And here we have present-time story, of a Scottish former agent-turned-solider and his re-recruitment. And so forth!



Midnight, and Ramsey (who once was a boy who once was a diplomat who once had another name and another face entirely) is flat on his stomach in a thicket of brambles with what feels distinctly like the bristles of a thistle jabbing into his ankle. The sky is cold and partially clear above him, the moon a sullenly gleaming half-crescent, the stars the pin-pricks that make poets swoon for joy as they scramble for pens to detail the moment with adjective and adverb.

Once, long ago, he thinks he might have been fond of poetry.

But that was long ago and this is a now where he cannot afford to catalogue the appearance of the stars with ink and paper-

His mind is wandering away from him now, and so he twists about, prickling himself in a host of new places as he peers down the scope of his sniper’s rifle, trained on the head of a wandering German sentry.

The man is just as uncomfortable as he is, clearly observable in the way he walks with shoulders hunched up, hands balled into the pockets of his coat, pursing his lips into an idle whistle. They have been partners in this dance for hours now-he, the sniper, wary and watchful, his target, the private, bored and sleepy as he paces back and forth, rifle resting against his shoulder.

A sudden backfiring of an engine in the camp below-he thumbs the trigger-and the boy crumples soundlessly into the tall grass.

Ramsey pulls out a tiny penlight, flashes a short coded message to his squad, then he’s packing up his rifle and scrambling away and-

there's a woman standing there as if she grew up from the ground itself, leaning on a cane and holding something small and boxy outlined against the shadows cast by her body.

His pistol jumps from its holster before the surprise of her appearance truly registers.

"I wouldn't do that, were I you. Alistair Finley, I presume?"

Her voice is tinged with the slightest traces of a German burr and an amusement belying the fact that he's stepped close enough to press the muzzle of the gun against her forehead.

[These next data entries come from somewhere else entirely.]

(* If M vol(B_1(x0)) > 1/2, the uniform density on B_r(x0) is at most
   2 M / r^d.  (When the unit ball has infinite volume the uniform density
   is 0 by the convention fine(+oo) = 0.) *)
Lemma unif_density_le d (x0 y : 'rV[R]_d) (r M : R) : 0 < r -> 0 <= M ->
  ((2^-1)%:E < M%:E * lebV (eball x0 1))%E ->
  unif_density x0 r y <= 2 * M / r ^+ d.
Proof.
move=> r0 M0 mass; have rd0 : 0 < r ^+ d by rewrite exprn_gt0.
have bound_rhs : 0 <= 2 * M / r ^+ d by rewrite divr_ge0 ?mulr_ge0 // ltW.
have ind_le1 : \1_(eball x0 r) y <= 1 :> R.
  by rewrite indicE; case: (_ \in _).
rewrite /unif_density lebV_ball //.
move: mass; case: (lebV (eball x0 1)) => [v| |] /= mass; last 2 first.
- by rewrite mulry gtr0_sg // mul1e /= invr0 mulr0.
- by rewrite mulrNy gtr0_sg // mul1e /= invr0 mulr0.
move: mass; rewrite -EFinM lte_fin => mass.
have v0 : 0 < v by rewrite ltNge; apply/negP => v_le0; nra.
rewrite invfM mulrA mulrAC ler_pM2r ?invr_gt0 // ler_pdivrMr //.
nra.
Qed.

End density_bounds.

Section growth_near_mode.
Context {R : realType}.

Lemma line_is_derive (V : normedModType R) (f : V -> R) (x w : V) (t : R) :
  derivable f (t *: w + x) w ->
  is_derive t 1 (fun s => f (s *: w + x)) ('D_w f (t *: w + x)).
Proof.
have quotE : (fun s : R => s^-1 *: (((fun s => f (s *: w + x)) \o shift t) (s *: 1)
      - f (t *: w + x))) =
    (fun s => s^-1 *: ((f \o shift (t *: w + x)) (s *: w) - f (t *: w + x))).
  apply/funext => s /=; congr (_ *: (f _ - _)).
  by rewrite [s *: 1]mulr1 scalerDl addrA.
by move=> dw; apply: DeriveDef; rewrite ?/derivable ?/derive quotE.
Qed.

(* Gronwall on [0, 1]: if h' >= -h then h 0 <= e h 1.  Apply the mean
   value theorem to the nondecreasing function h(t) e^t. *)
Lemma exp_growth (h dh : R -> R) :
  (forall t : R, 0 <= t <= 1 -> is_derive t 1 h (dh t)) ->
  (forall t : R, 0 <= t <= 1 -> - h t <= dh t) ->
  h 0 <= h 1 * expR 1.
Proof.
move=> hd hb.
have he_derive (t : R) : 0 <= t <= 1 ->
    is_derive t 1 (h * expR) (h t *: expR t + expR t *: dh t).
  by move=> t01; have := hd t t01 => ?; exact: is_deriveM.
have [c c01 mvt] : exists2 c, c \in `[0, 1]%R &
    (h * expR) 1 - (h * expR) 0 =
    (fun t => h t *: expR t + expR t *: dh t) c * (1 - 0).
  apply: MVT_segment; first exact: ler01.
    by move=> t; rewrite in_itv /= => /andP[? ?]; apply: he_derive; rewrite !ltW.
  apply: derivable_within_continuous => t; rewrite in_itv /= => t01.
  by have [] := he_derive t t01.
have : h 1 * expR 1 - h 0 * expR 0 = h c * expR c + expR c * dh c.
  by move: mvt; rewrite /= subr0 mulr1.
rewrite expR0 mulr1 => /eqP; rewrite subr_eq => /eqP ->.
move: c01; rewrite in_itv /= => c01.
rewrite lerDr [expR c * _]mulrC -mulrDl mulr_ge0 ?expR_ge0 //.
by rewrite -lerBlDl sub0r; exact: hb.
Qed.
(* For a symmetric Cartan matrix the coroot of a root is the root itself,
   every root has norm <beta, beta> = 2, and s_beta(gamma) = gamma - <beta, gamma> beta.
   For A_n^(1) the form is <x, x> = sum_i (x_(i+1) - x_i)^2, so a vector of norm 2
   is h delta + alpha_J with delta = sum_i alpha_i, h an integer and J a proper
   cyclic interval.  A positive root with h >= 1 is not quantum: gamma = alpha_J
   has <beta, gamma> = 2 and s_beta(gamma) = - alpha_J - 2 h delta < 0.
   Conversely, let beta = alpha_J and gamma a positive root with s_beta(gamma) < 0.
   Then <beta, gamma> >= 1, as otherwise s_beta(gamma) = gamma - <beta, gamma> beta
   would be >= 0, and <gamma - beta, gamma - beta> = 4 - 2 <beta, gamma> >= 0.
   Finally <beta, gamma> = 2 would force gamma - beta in Z delta, which vanishes
   at an index outside J. *)

Section SymmetricCartan.
Variables (m : nat) (A : 'M[int]_m).
Hypothesis A_sym : forall i j, A i j = A j i.
Hypothesis A_diag : forall i, A i i = 2.

Lemma pairingC y x : pairing A y x = pairing A x y.
Proof.
rewrite /pairing exchange_big; apply: eq_bigr => i _; apply: eq_bigr => j _.
by rewrite A_sym; ring.
Qed.

Lemma pairingDr y x1 x2 : pairing A y (x1 + x2) = pairing A y x1 + pairing A y x2.
Proof.
rewrite /pairing -big_split; apply: eq_bigr => i _; rewrite -big_split /=.
by apply: eq_bigr => j _; rewrite mxE mulrDr.
Qed.

Lemma pairingZr y c x : pairing A y (c *: x) = c * pairing A y x.
Proof.
rewrite /pairing mulr_sumr; apply: eq_bigr => i _; rewrite mulr_sumr.
by apply: eq_bigr => j _; rewrite mxE; ring.
Qed.

Lemma pairingBr y x1 x2 : pairing A y (x1 - x2) = pairing A y x1 - pairing A y x2.
Proof. by rewrite pairingDr -scaleN1r pairingZr mulN1r. Qed.

Lemma pairingZl c y x : pairing A (c *: y) x = c * pairing A y x.
Proof. by rewrite pairingC pairingZr pairingC. Qed.

Lemma pairingBl y1 y2 x : pairing A (y1 - y2) x = pairing A y1 x - pairing A y2 x.
Proof. by rewrite pairingC pairingBr !(pairingC x). Qed.

Lemma pairingBB x y :
  pairing A (x - y) (x - y) = pairing A x x - 2 * pairing A x y + pairing A y y.
Proof. by rewrite pairingBl !pairingBr (pairingC y x); ring. Qed.

Lemma pairing_srootl i x : pairing A (sroot i) x = \sum_j A i j * x 0 j.
Proof.
rewrite /pairing (bigD1 i) //= [X in _ + X]big1 ?addr0.
  by apply: eq_bigr => j _; rewrite mxE !eqxx mul1r.
move=> k /negbTE ki; apply: big1 => j _.
by rewrite mxE eqxx ki !mul0r.
Qed.

Lemma pairing_sroot i j : pairing A (sroot i) (sroot j) = A i j.
Proof.
rewrite pairing_srootl (bigD1 j) //= big1 ?addr0; first by rewrite mxE !eqxx mulr1.
by move=> k /negbTE kj; rewrite mxE eqxx kj mulr0.
Qed.

Lemma actY_scoroot w i : actY A w (scoroot i) = actX A w (sroot i).
Proof. by elim: w => //= a w IH; rewrite IH /reflY /reflX pairingC. Qed.

Lemma reflXK i : involutive (reflX A i).
Proof.
move=> x; rewrite /reflX pairingBr pairingZr pairing_sroot A_diag.
by apply/matrixP => a b; rewrite !mxE; ring.
Qed.

Lemma reflX_subZ i x c y : reflX A i (x - c *: y) = reflX A i x - c *: reflX A i y.
Proof.
rewrite /reflX pairingBr pairingZr.
by apply/matrixP => a b; rewrite !mxE; ring.
Qed.

Lemma actX_subZ w x c y : actX A w (x - c *: y) = actX A w x - c *: actX A w y.
Proof. by elim: w => //= a w IH; rewrite IH reflX_subZ. Qed.

Lemma pairing_reflX i x y : pairing A (reflX A i x) (reflX A i y) = pairing A x y.
Proof.
rewrite /reflX pairingBl pairingZl !pairingBr !pairingZr pairing_sroot A_diag.
by rewrite (pairingC x (sroot i)); ring.
Qed.

Lemma pairing_actX w x y : pairing A (actX A w x) (actX A w y) = pairing A x y.
Proof. by elim: w => //= a w IH; rewrite pairing_reflX IH. Qed.

Lemma actX_revK w x : actX A w (actX A (rev w) x) = x.
Proof.
elim: w x => //= a w IH x.
by rewrite rev_cons /actX foldr_rcons -/(actX A _ _) -/(actX A _ _) IH reflXK.
Qed.

(* The word w ++ i :: rev w represents s_beta = w r_i w^-1 for beta = w(alpha_i). *)
Lemma actX_reflection w i g :
  actX A (w ++ i :: rev w) g =
  g - pairing A (actX A w (sroot i)) g *: actX A w (sroot i).
Proof.
rewrite /actX foldr_cat /= -/(actX A _ _) -/(actX A _ _).
by rewrite {1}/reflX actX_subZ actX_revK -(pairing_actX w (sroot i)) actX_revK.
Qed.

Lemma pairing_root x : is_root A x -> pairing A x x = 2.
Proof. by case=> w [i ->]; rewrite pairing_actX pairing_sroot A_diag. Qed.

Lemma root_neq0 x : is_root A x -> x != 0.
Proof.
move=> /pairing_root; apply: contra_eqN => /eqP ->.
by rewrite -(scale0r 0) pairingZr mul0r.
Qed.

Lemma is_root_actX w x : is_root A x -> is_root A (actX A w x).
Proof. by case=> w' [i ->]; exists (w ++ w'), i; rewrite /actX foldr_cat. Qed.

End SymmetricCartan.

Lemma sqr_diff_eq0_const p (g : nat -> int) : \sum_(t < p) (g t.+1 - g t) ^+ 2 = 0 ->
  forall t, (t <= p)%N -> g t = g 0%N.
Proof.
elim: p => [|p IH] h t tp; first by move: tp; rewrite leqn0 => /eqP ->.
move: h; rewrite big_ord_recr /= => /eqP.
rewrite paddr_eq0 ?sqr_ge0 //; last by apply: sumr_ge0 => i _; rewrite sqr_ge0.
case/andP => /eqP hp /eqP hlast.
case: (leqP t p) => [|pt]; first exact: IH.
have -> : t = p.+1 by apply/eqP; rewrite eqn_leq tp pt.
by rewrite -(IH hp p (leqnn p)); apply/eqP; rewrite -subr_eq0 -sqrf_eq0 hlast.
Qed.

"Wrong," he bites out, a finger pulling the hammer back with a chink of sound that echoes (too loudly, too loudly) and now instead of shooting this woman (who knows the name of the boy who was once a diplomat) he's tackled her, throwing them both into the scant cover of brush and fallen branches.

Searchlights swoop down from the hill crest and then drift upwards to bisect the sky and they can hear the rumble of motorcycles being gunned into motion, distance-blurred shouts and outcries, and then as suddenly as that noise begins, it's ended in another: the choppy roar of his squad's machine guns that then too fade away, leaving the hush of early morning and frost on the thicket.

"I do have a boyfriend, you know," the woman points out calmly, and then her head smashes up, sending him rolling away from her as blood spurts from his nose. He scrambles for the dropped pistol, twists with an arch of his back that'll mean aching for a week at the very least- and with that same almost maddening calm as before, she's sitting there with a gun of her own trained at him, her hands steady and sure on the barrel.

"Détente, Finley."

"Not my name," Ramsey growls, fingers twitching at the trigger again. "Drop the pistol, or you're not just a crazy bint, you're a dead crazy bint."

But it is his name, the name of a boy he left behind in a cafeteria with a girl named Theresa and a bit of electronics that sang hallelujahs in his hand, the name of a boy who once was a diplomat who had a mother who recited poetry as she hacked away at the rocky soil in her flower garden and a father who always seemed to have bull's eyes in his pockets and sisters with feet that flew with the speed of swallows against the hills and a brother with the solemn gravity of the elderly in his small round face.

The name of a boy who stumbled through the blackened, burnt out ruins of his home calling their names with only the ghosts to answer.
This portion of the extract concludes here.